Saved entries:
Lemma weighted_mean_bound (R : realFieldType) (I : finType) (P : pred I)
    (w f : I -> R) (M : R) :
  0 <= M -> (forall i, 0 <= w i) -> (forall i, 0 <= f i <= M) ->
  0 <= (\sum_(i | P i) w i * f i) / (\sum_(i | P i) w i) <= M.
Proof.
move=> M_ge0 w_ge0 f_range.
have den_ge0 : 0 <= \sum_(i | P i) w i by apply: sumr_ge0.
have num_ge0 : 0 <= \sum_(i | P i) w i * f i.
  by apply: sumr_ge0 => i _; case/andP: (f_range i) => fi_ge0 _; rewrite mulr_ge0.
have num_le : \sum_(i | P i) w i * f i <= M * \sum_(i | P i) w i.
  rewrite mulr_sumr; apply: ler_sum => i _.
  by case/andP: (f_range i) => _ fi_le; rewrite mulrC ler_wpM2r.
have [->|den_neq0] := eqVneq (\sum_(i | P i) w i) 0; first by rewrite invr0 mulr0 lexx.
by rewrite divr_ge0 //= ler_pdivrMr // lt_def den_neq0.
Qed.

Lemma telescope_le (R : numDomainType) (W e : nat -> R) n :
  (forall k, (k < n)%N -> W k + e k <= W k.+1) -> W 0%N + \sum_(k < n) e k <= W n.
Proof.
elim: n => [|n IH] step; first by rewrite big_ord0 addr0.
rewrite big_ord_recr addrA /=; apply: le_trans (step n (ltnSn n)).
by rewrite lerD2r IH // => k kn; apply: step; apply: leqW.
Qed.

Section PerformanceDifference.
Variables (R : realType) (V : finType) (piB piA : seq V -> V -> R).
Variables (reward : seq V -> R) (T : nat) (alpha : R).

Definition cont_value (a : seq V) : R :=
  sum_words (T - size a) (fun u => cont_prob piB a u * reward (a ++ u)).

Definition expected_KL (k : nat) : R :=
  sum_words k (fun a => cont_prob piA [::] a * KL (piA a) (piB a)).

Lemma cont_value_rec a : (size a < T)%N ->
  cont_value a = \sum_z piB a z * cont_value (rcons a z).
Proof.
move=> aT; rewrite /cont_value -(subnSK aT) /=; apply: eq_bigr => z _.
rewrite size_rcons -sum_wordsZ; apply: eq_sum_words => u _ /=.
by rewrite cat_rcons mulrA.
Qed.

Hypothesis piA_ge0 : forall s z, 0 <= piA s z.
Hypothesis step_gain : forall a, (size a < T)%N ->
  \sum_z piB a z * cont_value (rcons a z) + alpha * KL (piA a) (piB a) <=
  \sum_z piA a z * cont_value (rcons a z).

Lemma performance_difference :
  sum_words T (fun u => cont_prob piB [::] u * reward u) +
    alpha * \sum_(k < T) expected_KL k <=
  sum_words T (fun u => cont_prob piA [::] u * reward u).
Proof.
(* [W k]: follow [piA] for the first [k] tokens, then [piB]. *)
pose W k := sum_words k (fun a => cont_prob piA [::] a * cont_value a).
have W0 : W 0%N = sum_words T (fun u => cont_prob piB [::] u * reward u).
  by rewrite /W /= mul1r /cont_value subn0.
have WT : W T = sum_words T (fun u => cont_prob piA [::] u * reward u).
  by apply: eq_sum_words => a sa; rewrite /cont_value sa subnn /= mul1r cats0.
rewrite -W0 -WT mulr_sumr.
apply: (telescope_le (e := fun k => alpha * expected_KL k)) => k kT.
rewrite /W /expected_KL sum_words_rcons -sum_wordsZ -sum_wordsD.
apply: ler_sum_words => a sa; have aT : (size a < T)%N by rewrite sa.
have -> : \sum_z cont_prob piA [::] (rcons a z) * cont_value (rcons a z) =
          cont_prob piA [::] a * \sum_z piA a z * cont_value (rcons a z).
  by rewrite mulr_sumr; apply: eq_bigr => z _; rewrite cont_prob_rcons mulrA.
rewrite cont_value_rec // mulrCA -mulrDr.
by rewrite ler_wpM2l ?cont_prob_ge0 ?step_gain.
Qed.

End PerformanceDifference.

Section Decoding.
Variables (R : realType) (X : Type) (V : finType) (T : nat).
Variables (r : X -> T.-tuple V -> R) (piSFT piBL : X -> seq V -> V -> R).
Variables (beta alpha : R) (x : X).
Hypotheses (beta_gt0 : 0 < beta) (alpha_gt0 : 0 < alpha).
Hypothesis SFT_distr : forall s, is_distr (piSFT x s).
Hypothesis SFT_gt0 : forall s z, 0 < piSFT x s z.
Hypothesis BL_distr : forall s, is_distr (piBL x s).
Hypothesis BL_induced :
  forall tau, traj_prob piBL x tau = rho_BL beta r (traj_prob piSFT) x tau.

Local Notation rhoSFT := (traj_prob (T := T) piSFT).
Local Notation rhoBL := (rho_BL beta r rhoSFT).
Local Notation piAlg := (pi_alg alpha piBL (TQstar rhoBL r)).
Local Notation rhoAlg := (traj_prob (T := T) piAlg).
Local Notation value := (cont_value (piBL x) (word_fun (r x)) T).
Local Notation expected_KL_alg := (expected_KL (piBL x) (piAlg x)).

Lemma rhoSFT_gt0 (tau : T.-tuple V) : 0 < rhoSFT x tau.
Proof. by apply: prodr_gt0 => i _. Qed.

# What the task asks
In the entries above, one line contains "move=> aT; rewrite" and another contains "reward u) +". Reproduce exactly those two lines and the lines between them, nothing else.

# Task answer
move=> aT; rewrite /cont_value -(subnSK aT) /=; apply: eq_bigr => z _.
rewrite size_rcons -sum_wordsZ; apply: eq_sum_words => u _ /=.
by rewrite cat_rcons mulrA.
Qed.

Hypothesis piA_ge0 : forall s z, 0 <= piA s z.
Hypothesis step_gain : forall a, (size a < T)%N ->
  \sum_z piB a z * cont_value (rcons a z) + alpha * KL (piA a) (piB a) <=
  \sum_z piA a z * cont_value (rcons a z).

Lemma performance_difference :
  sum_words T (fun u => cont_prob piB [::] u * reward u) +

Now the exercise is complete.